Keys and the Muenchian Method • In some cases, an XSLT transformation will require accessing a collection of source XML elements based on some form of grouping. XSLT provides an insanely efficient tool to do this, using the “key” function. • The first part is to declare an XSLT Key. This is done with the “key” element: <xsl:key name=“fish-by-firstname” match=“Fish” use=“FirstName” /> • The name attribute is how the key will be referenced later on. • The match attribute is an XPath expression the key should match on, similar to a template. It can be relative, depending on what the current context will be when it is referenced. • The use attribute specifies another relative XPath expression, treating the expression in the match attribute as the current context. • Match and use together, in this case, means this key will match on all Fish elements, and group them by the value of their FirstName child elements. • Using a Key to perform this grouping then requires the use of the “key” XSLT function: key(‘fish-by-firstname’, /Root/Fish/FirstName) • The first argument to the function is the name of the previously declared Key to use. • The second argument is an XPath expression whose result should match the grouping defined in the Key. In this case, the Key returns a collection of Fish elements grouped by their FirstName value. • In this case, this function will return a collection of all the Fish elements who have the same FirstName value as what is being passed into the function.

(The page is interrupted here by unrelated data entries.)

Lemma exp_le_compat x y : x <= y -> exp x <= exp y.
Proof. by case/Rle_lt_or_eq_dec => [/exp_increasing/Rlt_le|->]; [|apply: Rle_refl]. Qed.

Lemma ln_le_compat x y : 0 < x -> x <= y -> ln x <= ln y.
Proof. by move=> x_gt0; case/Rle_lt_or_eq_dec => [/(ln_increasing _ _ x_gt0)/Rlt_le|->]; [|apply: Rle_refl]. Qed.

Lemma ln_le_sub1 x : 0 < x -> ln x <= x - 1.
Proof. by move=> x_gt0; have := exp_ineq1_le (ln x); rewrite exp_ln //; lra. Qed.

Lemma ln_ge0 x : 1 <= x -> 0 <= ln x.
Proof. by move=> x_ge1; rewrite -ln_1; apply: ln_le_compat; lra. Qed.

Lemma INR_expn m e : INR (m ^ e) = INR m ^ e.
Proof. by elim: e => [|e IHe]; rewrite ?expn0 // expnS mult_INR IHe. Qed.

Lemma pow_exp_ln x e : 0 < x -> x ^ e = exp (INR e * ln x).
Proof. by move=> x_gt0; rewrite -ln_pow // exp_ln //; apply: pow_lt. Qed.

Lemma pow_succ_le (k : nat) : INR k.+1 ^ k <= exp 1 * INR k ^ k.
Proof.
case: k => [|k]; first by have := exp_ineq1_le 1; rewrite /=; lra.
set x := INR k.+1; have x_gt0 : 0 < x by apply: lt_0_INR; lia.
have step : INR k.+2 <= x * exp (/ x).
  have := exp_ineq1_le (/ x); rewrite S_INR -/x => e_ge.
  by have := Rmult_le_compat_l _ _ _ (Rlt_le _ _ x_gt0) e_ge; rewrite Rmult_plus_distr_l Rinv_r; lra.
apply: Rle_trans (pow_incr _ _ k.+1 _) _; first by split; [apply: pos_INR | exact: step].
rewrite Rpow_mult_distr (pow_exp_ln _ (exp_pos _)) ln_exp -/x Rinv_r; lra.
Qed.

Lemma pow_self_le_fact_exp (k : nat) : INR k ^ k <= INR k`! * exp (INR k).
Proof.
elim: k => [|k IHk]; first by rewrite fact0 /= exp_0; lra.
rewrite factS mult_INR S_INR exp_plus -S_INR -tech_pow_Rmult.
have k1_ge0 := pos_INR k.+1; have e_gt0 := exp_pos 1.
have := Rmult_le_compat_l _ _ _ (Rlt_le _ _ e_gt0) IHk; have := pow_succ_le k.
move=> h1 h2; have := Rmult_le_compat_l _ _ _ k1_ge0 (Rle_trans _ _ _ h1 h2); lra.
Qed.
Lemma tshiftD l l' x : tshift l (tshift l' x) = tshift (l + l') x.
Proof. by apply/matrixP => i z; rewrite !mxE addrA. Qed.

Lemma tmul_ge A B i k j : A i k + B k j <= tmul A B i j.
Proof. by rewrite mxE; exact: (le_bigmax _ (fun k => A i k + B k j)). Qed.

Lemma tmul_attained A B i j : exists k, tmul A B i j = A i k + B k j.
Proof. by rewrite mxE (bigmax_seed_arg _ (fun k => A i k + B k j)); eexists. Qed.

Lemma tmulv_ge A x i k : A i k + x k 0 <= tmulv A x i 0.
Proof. by rewrite mxE; exact: (le_bigmax _ (fun k => A i k + x k 0)). Qed.

Lemma tmulv_attained A x i : exists k, tmulv A x i 0 = A i k + x k 0.
Proof. by rewrite mxE (bigmax_seed_arg _ (fun k => A i k + x k 0)); eexists. Qed.

Lemma tmulv_col A B j : tmulv A (col j B) = col j (tmul A B).
Proof. by apply/matrixP => i z; rewrite ord1 !mxE; under eq_bigr do rewrite mxE. Qed.

Lemma tmulv_vmax A x y : tmulv A (vmax x y) = vmax (tmulv A x) (tmulv A y).
Proof.
apply/matrixP => i z; rewrite ord1 [RHS]mxE; apply/le_anti/andP; split.
  have [k ->] := tmulv_attained A (vmax x y) i.
  by rewrite mxE addr_maxr le_max2 // tmulv_ge.
rewrite ge_max; apply/andP; split.
  have [k ->] := tmulv_attained A x i.
  by apply: le_trans (tmulv_ge _ _ i k); rewrite mxE lerD2l le_max lexx.
have [k ->] := tmulv_attained A y i.
by apply: le_trans (tmulv_ge _ _ i k); rewrite mxE lerD2l le_max lexx orbT.
Qed.

Lemma tmulv_tshift A l x : tmulv A (tshift l x) = tshift l (tmulv A x).
Proof.
apply/matrixP => i z; rewrite ord1 [RHS]mxE; apply/le_anti/andP; split.
  have [k ->] := tmulv_attained A (tshift l x) i.
  by rewrite mxE addrCA lerD2l tmulv_ge.
have [k ->] := tmulv_attained A x i.
by apply: le_trans (tmulv_ge _ _ i k); rewrite mxE addrCA.
Qed.

Lemma teigenspaceP A l x :
  teigenspace A l x <->
  (forall i k, A i k + x k 0 <= l + x i 0) /\ (forall i, exists k, l + x i 0 = A i k + x k 0).
Proof.
split=> [Ax|[x_ge x_att]].
  have Axi i : tmulv A x i 0 = l + x i 0 by rewrite Ax mxE.
  split=> [i k|i]; first by rewrite -Axi tmulv_ge.
  by have [k Ak] := tmulv_attained A x i; exists k; rewrite -Axi.
apply/matrixP => i z; rewrite ord1 [RHS]mxE; apply/le_anti/andP; split.
  by have [k ->] := tmulv_attained A x i; exact: x_ge.
by have [k ->] := x_att i; exact: tmulv_ge.
Qed.

Lemma teigenspace_tclosed A l : tclosed (teigenspace A l).
Proof.
split=> [x y Ex Ey|c x Ex]; rewrite /teigenspace.
  by rewrite tmulv_vmax Ex Ey; apply/matrixP => i z; rewrite !mxE addr_maxr.
by rewrite tmulv_tshift Ex !tshiftD addrC.
Qed.

Lemma tmul_tr A B : tmul A^T B^T = (tmul B A)^T.
Proof.
apply/matrixP => i j; rewrite !mxE.
by under eq_bigr => k _ do rewrite !mxE addrC; rewrite addrC.
Qed.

Keys and the Muenchian Method (Continued) • The best use for Keys is something called the Muenchian Method. This is an XSLT pattern that uses Keys and one additional function to allow for iterating over elements grouped by Keys. • The additional function is the ”generate-id” function. This function generates a unique ID for any node passed into it. This ID is both unique and consistent, meaning the same node will always produce the same ID. • The Muenchian expression for this kind of iteration is: <xsl:for-each select=“/Root/Fish[generate-id(.) = generate-id(key(‘fish-by-firstname’, FirstName)[1])” /> • The start of the XPath expression is a simple XPath pointing at the Fish element. It then uses a predicate to specify which Fish element to show. • The predicate starts by generating an ID for the current node using ”generate-id”. It then compares that to a second ID generated by the same function with a different argument. • The second ID is generated using a Key. The “key” function is used to return the grouping that matches the current expression. The [1] specifies that it must be the first element of that grouping. • This whole expression ensures that each iteration will represent a unique grouping based on the key. • While this only iterates over groups, and not individual elements, once within a group there is a lot more flexibility to get the individual members of that group, having been ensured of the order of the grouping.